Cotangent bundle of complex manifold is Calabi-Yau manifold We say that a complex manifold $M$ is Calabi-Yau if the canonical bunlde is trivial $K_M=0$. How can we prove that the total space of the cotangent bundle of a compact complex manifold $N$ is Calabi-Yau $2n$-fold, where $n$ is the dimension of $N$? 
 A: Here's a more general statement from an algebraic geometry standpoint -- I do not really know complex geometry but I'd expect the statements to translate wel.  Let $X$ be a projective variety and $\mathcal{E}$ a locally free sheaf.  Recall that we can define the total space as $E = \mathcal{Spec}_{\mathcal{O}_X} \mathcal{Sym}_{\mathcal{O}_X} \mathcal{E}^\vee$ and there is a natural map $\pi: E \rightarrow X$.

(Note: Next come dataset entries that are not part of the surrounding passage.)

Lemma in_ideal_coef_ext p q :
  in_ideal d G p -> is_poly d q -> (forall w, coef q w = coef p w) -> in_ideal d G q.
Proof.
  intros [_ [L [HL E]]] Hq H. split; auto. exists L. split; auto. intro w. rewrite H. auto.
Qed.

Lemma in_ideal_psum_ext p q :
  in_ideal d G p -> is_poly d q -> (forall X, psum X q = psum X p) -> in_ideal d G q.
Proof. intros Hp Hq H. apply (in_ideal_coef_ext p); auto. intro w. rewrite !coef_psum. auto. Qed.

Lemma in_ideal_nil : in_ideal d G [].
Proof. split; [constructor|]. exists []. split; [constructor | reflexivity]. Qed.

Lemma in_ideal_app p q : in_ideal d G p -> in_ideal d G q -> in_ideal d G (p ++ q).
Proof.
  intros [Hp [L1 [H1 E1]]] [Hq [L2 [H2 E2]]]. split; [apply is_poly_app; auto|].
  exists (L1 ++ L2). split; [apply Forall_app; auto|]. intro w.
  change (flat_map _ (L1 ++ L2)) with (flat_map gen_term (L1 ++ L2)).
  rewrite flat_map_app, !coef_app, E1, E2. reflexivity.
Qed.

Lemma in_ideal_flat_map {A} (F : A -> ncpoly) L :
  Forall (fun x => in_ideal d G (F x)) L -> in_ideal d G (flat_map F L).
Proof. induction 1; simpl; [apply in_ideal_nil | apply in_ideal_app; auto]. Qed.

Lemma in_ideal_scal c p : in_ideal d G p -> in_ideal d G (scal_poly c p).
Proof.
  intros [Hp [L [HL E]]]. split; [apply is_poly_scal; auto|].
  exists (map (fun '(a, c', g, b) => (a, Cmul c c', g, b)) L). split.
  - apply Forall_map. eapply Forall_impl; [|exact HL]. intros [[[a c'] g] b]; auto.
  - intro w. rewrite coef_scal, E, !coef_psum.
    change (flat_map _ ?L) with (flat_map gen_term L). rewrite !psum_flat_map.
    clear HL E. induction L as [|[[[a c'] g] b] L IH]; simpl; [ring|].
    rewrite <- IH, !psum_scal. ring.
Qed.

Lemma in_ideal_mono a p b :
  is_word d a -> is_word d b -> in_ideal d G p -> in_ideal d G (mono_mul a p b).
Proof.
  intros Ha Hb [Hp [L [HL E]]]. split; [apply is_poly_mono; auto|].
  exists (map (fun '(a', c, g, b') => (a ++ a', c, g, b' ++ b)) L). split.
  - apply Forall_map. eapply Forall_impl; [|exact HL]. intros [[[a' c'] g] b'].
    intros (? & ? & ?). repeat split; auto; apply Forall_app; auto.
  - intro w. rewrite !coef_psum, psum_mono, (psum_coef_ext _ p (flat_map gen_term L)) by exact E.
    change (flat_map _ (map ?f L)) with (flat_map gen_term (map f L)).
    rewrite !psum_flat_map. clear HL E. induction L as [|[[[a' c'] g] b'] L IH]; simpl; [ring|].
    rewrite IH, !psum_scal, !psum_mono. do 2 f_equal. apply psum_ext. intro u.
    rewrite <- !app_assoc. reflexivity.
Qed.

Lemma in_ideal_pmul_r g h : is_poly d g -> in_ideal d G h -> in_ideal d G (pmul g h).
Proof.
  intros Hg Hh. apply in_ideal_flat_map. eapply Forall_impl; [|exact Hg].
  intros t Ht. apply in_ideal_scal, in_ideal_mono; auto.
Qed.

Lemma in_ideal_of_one p : in_ideal d G [([], C1)] -> is_poly d p -> in_ideal d G p.
Proof.
  intros H1 Hp. apply (in_ideal_psum_ext (pmul p [([], C1)])); auto.
  - apply in_ideal_pmul_r; auto.
  - intro X. symmetry. apply psum_pmul_one_r.
Qed.

Hypothesis homogeneous_generators : forall g, G g -> is_poly d g /\ is_homog g.

(* A generator term [a g b] is homogeneous, so truncating a combination of such
   terms to degree [m] amounts to dropping the terms of degree above [m]. *)
Lemma in_ideal_filter_short m j : in_ideal d G j -> in_ideal d G (filter (short m) j).
Proof.
  intros [Hj [L [HL E]]]. split; [apply is_poly_filter; auto|].
  exists (filter (fitsb m) L). split.
  - apply Forall_forall. intros x Hx. apply filter_In in Hx.
    eapply Forall_forall in HL; [exact HL | tauto].
  - intro w. rewrite coef_filter_short, E. clear E Hj. symmetry.
    change (flat_map _ ?L) with (flat_map gen_term L).
    induction HL as [|x L Hx HL IH]; [destruct (Nat.leb (length w) m); reflexivity|].
    assert (Gg : G (snd (fst x))) by (destruct x as [[[a c] g] b]; apply Hx).
    destruct (homogeneous_generators _ Gg) as [_ [k Hk]].
    transitivity (Cadd (if fitsb m x then coef (gen_term x) w else C0)
                       (if Nat.leb (length w) m then coef (flat_map gen_term L) w else C0)).
    + rewrite <- IH. cbn [filter]. destruct (fitsb m x); cbn [flat_map]; rewrite ?coef_app; ring.
    + rewrite <- (coef_gen_term_short m x k w Hk). cbn [flat_map].
      destruct (Nat.leb (length w) m); rewrite ?coef_app; ring.
Qed.

Lemma in_ideal_one_of_const g : in_ideal d G g -> coef g [] <> C0 -> in_ideal d G [([], C1)].
Proof.
  intros Hg Ha. apply (in_ideal_coef_ext (scal_poly (Cinv (coef g [])) (filter (short 0) g))).
  - apply in_ideal_scal, in_ideal_filter_short; auto.
  - repeat constructor.
  - intro w. rewrite coef_scal, coef_filter_short. destruct w; simpl; [field; auto | ring].
Qed.

End Ideal.

Fixpoint words (d k : nat) : list word :=
  match k with
  | 0 => [[]]
  | S k => flat_map (fun i => map (cons i) (words d k)) (seq 0 d)
  end.

Lemma words_spec d k w : In w (words d k) <-> length w = k /\ is_word d w.
Proof.
  revert w. induction k as [|k IH]; intro w; simpl.
  - split; [intros [<-|[]]; auto | intros [H _]; destruct w; [auto | discriminate]].
  - rewrite in_flat_map. split.
    + intros (i & Hi & Hw). apply in_seq in Hi. apply in_map_iff in Hw as (u & <- & Hu).
      apply IH in Hu as [? ?]. simpl. split; [lia|]. constructor; auto; lia.
    + intros [Hl Hf]. destruct w as [|i u]; [discriminate|]. inversion Hf; subst.
      exists i. split; [apply in_seq; lia|]. apply in_map, IH. simpl in Hl. auto.
Qed.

I want to express the canonical bundle $\omega_E$ in terms of $\mathcal{E}$ and $\omega_X$:
$$\omega_E = \pi^* \omega_X \otimes \pi^* \bigwedge^{top} \mathcal{E}^\vee$$
To realize this, I need a result like: every locally free sheaf is a subsheaf of a sum of trivial locally free sheaves.  This gives us a short exact sequence of (fibers of) vector bundles:
$$0 \rightarrow E \rightarrow V \rightarrow T \rightarrow 0$$
where $V$ is a trivial bundle, which corresponds to a short exact sequence of locally free sheaves
$$0 \rightarrow \mathcal{E} \rightarrow \mathcal{V} \rightarrow \mathcal{T} \rightarrow 0$$
Now, notice that $\mathcal{T}^\vee$ is locally the ideal sheaf cutting out $E$ in $V$.  Thus tensoring with $\mathcal{O}_E$ gives
$$\mathcal{N}^\vee = \mathcal{Sym}_{\mathcal{O}_X}\mathcal{T}^\vee$$
And now, using the conormal short exact sequence for differentials and taking the top exterior power, we have (abusing notation, using a correspondence between line bundles on $X$ and line bundles on any vector bundle of $X$):
$$\omega_E = \omega_X \otimes \bigwedge^{top} \mathcal{T}$$
Finally use the original short exact sequence in locally free sheaves and take the top exterior powers to find that $\bigwedge^{top}\mathcal{T} = \bigwedge^{top}\mathcal{E}^\vee$ so the result follows.
Now, for your question, $\mathcal{E}$ is the locally free sheaf of differentials, so the dual of its top exterior power is $\omega^\vee$, and $\omega^\vee \otimes \omega = \mathcal{O}$ and that's it.